Over the past 6 months, the RTA has been trialling an Intelligent Speed Adaption (ISA) device that warns people when they are driving over the speed limit by beeping until they decrease their speed. According to the RTA, this device could help prevent 35 deaths and around 1500 injuries, although it is not going to be made a compulsory installation.
The majority of the time, people know they are speeding. It’s hard to be 20km/h over the limit and not notice. So why do people speed? In most cases, it’s an underlying behaviour. It seems to be that until a person sees the effects first hand (or get whacked with a few fines), only then will they change their behaviours. Often they then wish they (or someone else) had listened at the beginning. Therefore, could this ISA device really stop people from speeding for good? Or will it just serve as a good theory but irritating in practice?
Changing underlying behaviours can be difficult enough without having an annoying beeping sound telling you off. People will get sick of the sound and turn it off (hands up who turns the GPS lady off these days??). Instead of negative reinforcement, why not go to the opposite side of the scale and use positive reinforcement?

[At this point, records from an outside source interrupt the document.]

Lemma split_not_fin_covered (P : Gel n d -> Prop) w : ~ fin_covered P ->
  exists p : coord, ~ fin_covered (fun y => P y /\ coord_at y w = p).
Proof.
move=> nc; apply: NNPP => all_cov; apply: nc.
have cov p : fin_covered (fun y => P y /\ coord_at y w = p).
  by apply: NNPP => ncp; apply: all_cov; exists p.
suff [s hs] : exists s : list I, forall y, in_K y -> P y ->
    coord_at y w \in enum {: coord} -> exists2 i, List.In i s & U i y.
  by exists s => y Ky Py; apply: hs; rewrite ?mem_enum.
elim: (enum _) => [|p l [s2 hs2]]; first by exists nil.
have [s1 hs1] := cov p.
exists (s1 ++ s2)%list => y Ky Py; rewrite inE => /orP [/eqP yp|yl].
  by have [i ? ?] := hs1 y Ky (conj Py yp); exists i => //; apply: List.in_or_app; left.
by have [i ? ?] := hs2 y Ky Py yl; exists i => //; apply: List.in_or_app; right.
Qed.

Definition agrees (l : seq coord) y :=
  forall j, (j < size l)%N -> coord_at y (vert_at j) = nth (1, 1) l j.

(* König's lemma: fix the coordinates at the vertices [vert_at 0, vert_at 1, ...]
   in turn, keeping at each stage a set without finite subcover. *)
Fixpoint branch (m : nat) : seq coord :=
  if m is m'.+1 then
    rcons (branch m') (epsilon (inhabits (1, 1)) (fun p =>
      ~ fin_covered (fun y => agrees (branch m') y /\ coord_at y (vert_at (size (branch m'))) = p)))
  else [::].

Lemma size_branch m : size (branch m) = m.
Proof. by elim: m => //= m IH; rewrite size_rcons IH. Qed.

Lemma nth_branch j m : (j < m)%N -> nth (1, 1) (branch m) j = nth (1, 1) (branch j.+1) j.
Proof.
elim: m => // m IH jm; case: (ltnP j m) => [jlt|jge].
  by rewrite /= nth_rcons size_branch jlt IH.
by have -> : j = m by lia.
Qed.

Definition limit_coord (j : nat) : coord := nth (1, 1) (branch j.+1) j.

Lemma pickle_bound (T : seq (vert d)) : exists M, forall t, t \in T -> (pickle t < M)%N.
Proof.
elim: T => [|a T [M HM]]; first by exists 0%N.
exists (maxn M (pickle a).+1) => t; rewrite inE => /orP [/eqP ->|/HM].
  by rewrite leq_max leqnn orbT.
by move=> h; rewrite leq_max h.
Qed.

Lemma agrees_branch M (T : seq (vert d)) y : (forall t, t \in T -> (pickle t < M)%N) ->
  agrees (branch M) y -> forall t, t \in T -> coord_at y t = limit_coord (pickle t).
Proof.
move=> TM yM t tT.
by rewrite -{1}(vert_atK t) yM ?size_branch ?TM // (nth_branch (TM _ tT)).
Qed.

Section Limit.
Hypothesis K_not_covered : ~ fin_covered (fun _ => True).

Lemma branch_not_fin_covered m : ~ fin_covered (agrees (branch m)).
Proof.
elim: m => [|m IH] /=.
  by move=> cov; apply: K_not_covered; apply: fin_covered_sub cov => y _ _ j.
have [p Hp] := split_not_fin_covered (vert_at (size (branch m))) IH.
have := epsilon_spec (inhabits (1, 1)) (fun p => ~ fin_covered (fun y =>
  agrees (branch m) y /\ coord_at y (vert_at (size (branch m))) = p)) (ex_intro _ p Hp).
set q := epsilon _ _ => Hq cov; apply: Hq; apply: fin_covered_sub cov => y Ky [ym yq] j.
rewrite size_rcons nth_rcons ltnS leq_eqVlt => /orP [/eqP ->|jm].
  by rewrite ltnn eqxx.
by rewrite jm; apply: ym.
Qed.

Lemma limit_approx (T : seq (vert d)) :
  exists y, in_K y /\ forall t, t \in T -> coord_at y t = limit_coord (pickle t).
Proof.
have [M TM] := pickle_bound T.
have [y [Ky yM]] := @not_fin_covered_inhabited _ (@branch_not_fin_covered M).
by exists y; split=> //; exact: agrees_branch yM.
Qed.

Definition limit_sigma v := (limit_coord (pickle v)).1.
Definition limit_local (w : seq 'I_d) := (limit_coord (pickle (insubd (root d) w))).2.

Lemma limit_local_compatible : compatible limit_local.
Proof.
move=> a w ok; rewrite /limit_local insubd_cons //.
have [y [_ yT]] := limit_approx [:: step (insubd (root d) w) a; insubd (root d) w].
rewrite -!yT ?inE ?eqxx ?orbT //.
exact: lperm_step_edge.
Qed.

Definition limit_aut := aut_of_local limit_local_compatible.
Definition limit_point : Gel n d := (limit_sigma, limit_aut).

Lemma limit_sigma_fix0 v : limit_sigma v z = z.
Proof.
have [y [[_ yz] yT]] := limit_approx [:: v].
by rewrite /limit_sigma -(yT v (mem_head _ _)) yz.
Qed.

Lemma limit_in_Gnd : in_Gnd z limit_point.
Proof. by exists nil => v _; exact: limit_sigma_fix0. Qed.

(* A point of [K] is close to [limit_point] as soon as its coordinates agree
   with the limit at the finitely many vertices of [S], of their images,
   and of the root-paths of the vertices of [S]: a root-fixing automorphism
   is determined along a path by the local permutations there. *)
Lemma near_limit (S : seq (vert d)) : exists T : seq (vert d), forall y, in_K y ->
  (forall t, t \in T -> coord_at y t = limit_coord (pickle t)) ->
  nbhd1 z S (Gmul (Ginv limit_point) y).
Proof.
pose path_to v := [seq insubd (root d) (drop j (val v)) | j <- iota 1 (size (val v))].
pose around v := af limit_aut v :: path_to v.
exists (flatten (map around S)) => y [y_root yz] yT.
have inT v u : v \in S -> u \in around v -> u \in flatten (map around S).
  by move=> vS uv; apply/flattenP; exists (around v) => //; apply/mapP; exists v.
split=> [v|v vS] /=.
  by rewrite permM yz -{1}(limit_sigma_fix0 (af limit_aut v)) permK.
have /(congr1 fst) /= yv := yT _ (inT v _ vS (mem_head _ _)).
split; first by rewrite yv mulgV.
suff -> : af y.2 v = af limit_aut v by exact: relabel_vertK.
apply: val_inj; rewrite -{1}(valKd (root d) v) root_fixing_relabel ?(valP v) //.
apply: relabel_ext => j jv; rewrite /local_data /limit_local -yT //.
apply: (inT v) => //; rewrite inE; apply/orP; right; apply/mapP.
by exists j => //; rewrite mem_iota add1n ltnS.
Qed.

End Limit.

Lemma K_fin_covered : fin_covered (fun _ => True).
Proof.
apply: NNPP => K_not_covered.
have [i Ui] := U_cover (limit_in_Gnd K_not_covered).
have [S HS] := U_open (limit_in_Gnd K_not_covered) Ui.
have [T HT] := near_limit K_not_covered S.
have [M TM] := pickle_bound T.
apply: (@branch_not_fin_covered K_not_covered M); exists [:: i] => y Ky yM.
exists i; first by left.
apply: HS; first by exists nil => v _; case: Ky => _ ->.
by apply: HT => //; exact: agrees_branch yM.
Qed.

End Compactness.

Lemma phi_image_cocompact : cocompact_Gnd z (fun x => exists2 g, in_GFF F F' g & x = phi alpha g).
Proof.
move=> I U U_open U_sat U_cover.
have [s hs] := K_fin_covered U_open U_cover.
exists s => x xG; have [h [hG Kx]] := Gnd_decomp xG.
have [i iS Ui] := hs _ Kx Logic.I.
exists i => //; rewrite -(@Gmul_phiK x h); last by case: hG.
apply: U_sat => //; first by exists nil => v _; case: Kx => _ ->.
by exists (aut_inv h) => //; exact: GFF_inv.
Qed.

End Phi.
Theorem proposition5p4 (d : measure_display) (Omega : measurableType d)
  (R : realType) (K : pseudoMetricType R) (A : set (K -> Cx R))
  (f : Omega -> K -> Cx R) :
  hausdorff_space K -> compact [set: K] ->
  uniform_algebra A ->
  (forall w, A (f w)) ->
  (forall z : K, C_measurable (fun w => f w z)) ->
  (forall phi : gelfand_space A,
      C_measurable (fun w => gelfand_transform A f w phi)) /\
  (forall w : Omega, continuous (gelfand_transform A f w)).
Proof.
move=> _ cK UA f_A f_meas; split => [phi|w]; last exact: gelfand_transform_continuous.
apply: C_measurable_open => U oU.
exact: measurable_char_preimage (proj2_sig phi) oU.
Qed.
(* For every $n\ge 4$, the triangular graph $T_n$ is not eigensharp; that is, $N(T_n)\ge n$.
   Context: The triangular graph $T_n$ is the line graph of the complete graph $K_n$ (vertices are the 2-subsets of $\{1,\dots,n\}$, adjacent iff they intersect). A $t$-address is a $t$-tuple with entries in $\{0,a,b\}$ (three distinct symbols). An addressing of length $t$ of a connected graph $G$ is an assignment of $t$-addresses to the vertices such that for any two vertices $u,v$, the graph distance $d(u,v)$ equals the number of coordinates in which one of the two addresses equals $a$ and the other equals $b$. $N(G)$ is the minimum such $t$. With $D(G)$ the distance matrix of $G$ and $n_\pm(D(G))$ its numbers of positive/negative eigenvalues, one always has $N(G)\ge\max(n_+(D(G)),n_-(D(G)))$; $G$ is called eigensharp if equality holds. For $n\ge 4$, $D(T_n)$ has spectrum $(n-1)(n-2)$ (multiplicity 1), $2-n$ (multiplicity $n-1$), and $0$ (multiplicity $\binom n2-n$), so $\max(n_+(D(T_n)),n_-(D(T_n)))=n-1$. *)

From mathcomp Require Import all_boot.
Set Implicit Arguments. Unset Strict Implicit. Unset Printing Implicit Defensive.

Definition walk_of_len (T : finType) (e : rel T) (x y : T) (k : nat) : Prop :=
  exists p : seq T, [/\ size p = k, path e x p & last x p = y].

Definition is_dist (T : finType) (e : rel T) (x y : T) (k : nat) : Prop :=
  walk_of_len e x y k /\ forall j, j < k -> ~ walk_of_len e x y j.

Inductive sym := S0 | Sa | Sb.

Definition ab_pair (s1 s2 : sym) : bool :=
  match s1, s2 with
  | Sa, Sb | Sb, Sa => true
  | _, _ => false
  end.

Definition addr_dist (t : nat) (u v : 'I_t -> sym) : nat :=
  \sum_(i < t) ab_pair (u i) (v i).

Definition addressing (T : finType) (e : rel T) (t : nat) (f : T -> 'I_t -> sym) : Prop :=
  forall u v : T, is_dist e u v (addr_dist (f u) (f v)).

(* Triangular graph T_n: vertices are the 2-subsets of {1..n} (here 'I_n),
   adjacent iff distinct and intersecting (line graph of K_n). *)
Definition tri_vertex (n : nat) := {A : {set 'I_n} | #|A| == 2}.

Definition tri_adj (n : nat) : rel (tri_vertex n) :=
  fun A B => (A != B) && (val A :&: val B != set0).
(* Let $g$ satisfy (KPP$_g$) and $f$ satisfy (KPP$_f$). Then problem (H) admits a unique positive bounded steady state that does not depend on $x_1,\ldots,x_{N-1}$.
   Context: Problem (H) (two adjacent half-spaces in $\mathbb{R}^N$, $N\geq2$, $D,d,\mu,\nu>0$): $u_t-D\Delta u=g(u)$ in $\{x_N<0\}\times(0,\infty)$, $v_t-d\Delta v=f(v)$ in $\{x_N>0\}\times(0,\infty)$, $D\partial_{x_N}u=\nu v-\mu u$ and $-d\partial_{x_N}v=\mu u-\nu v$ on $\{x_N=0\}\times(0,\infty)$ ($u$ and $v$ are defined up to $\{x_N=0\}$ by continuity from their respective sides). A steady state is a time-independent solution. (KPP$_g$): $g$ locally Lipschitz, differentiable at $0$, $g(0)=g(1)=0$, $0<g(s)\leq g'(0)s$ on $(0,1)$, $g(s)<0$ for $s>1$. (KPP$_f$): for some $S>0$, $f$ locally Lipschitz, differentiable at $0$, $f(0)=f(S)=0$, $0<f(s)\leq f'(0)s$ on $(0,S)$, $f(s)<0$ for $s>S$. *)

From Stdlib Require Import Reals.
From mathcomp Require Import ssreflect ssrfun ssrbool eqtype ssrnat fintype bigop.
Open Scope R_scope.
Set Implicit Arguments.
Unset Strict Implicit.

(* A point of R^N, N = n+1, is written (x', x_N) with x' : 'I_n -> R
   (the coordinates x_1..x_{N-1}) and x_N : R the last coordinate. *)
Definition pt (n : nat) : Type := (('I_n -> R) * R)%type.

Definition upd (n : nat) (x' : 'I_n -> R) (i : 'I_n) (t : R) : 'I_n -> R :=
  fun j => if j == i then t else x' j.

This is where that old chestnut, driver education could come into play.
Driver education is something frequently mentioned but occasionally actioned. It’s not only something that would benefit the driver, but also other road users. Companies that have a fleet could definitely benefit from education like this. Giving your drivers the best education and training possible can help to make sure all their focus is on the task at hand- driving. Knowing all your drivers have been educated in the same way can help you put your upmost confidence in them doing the job correctly. It could even help prevent accidents involving your own fleet vehicles, as your drivers will be well equipped for many avoidable situations. Maybe this is something the government should look at making compulsory instead of an ISA device?
Would you rather spend your money on installing ISA devices in your fleet vehicles, or use it to educate your drivers and change their bad behaviours for good?
Have you sent any of your drivers on driver education courses?
Have they been of benefit to your drivers?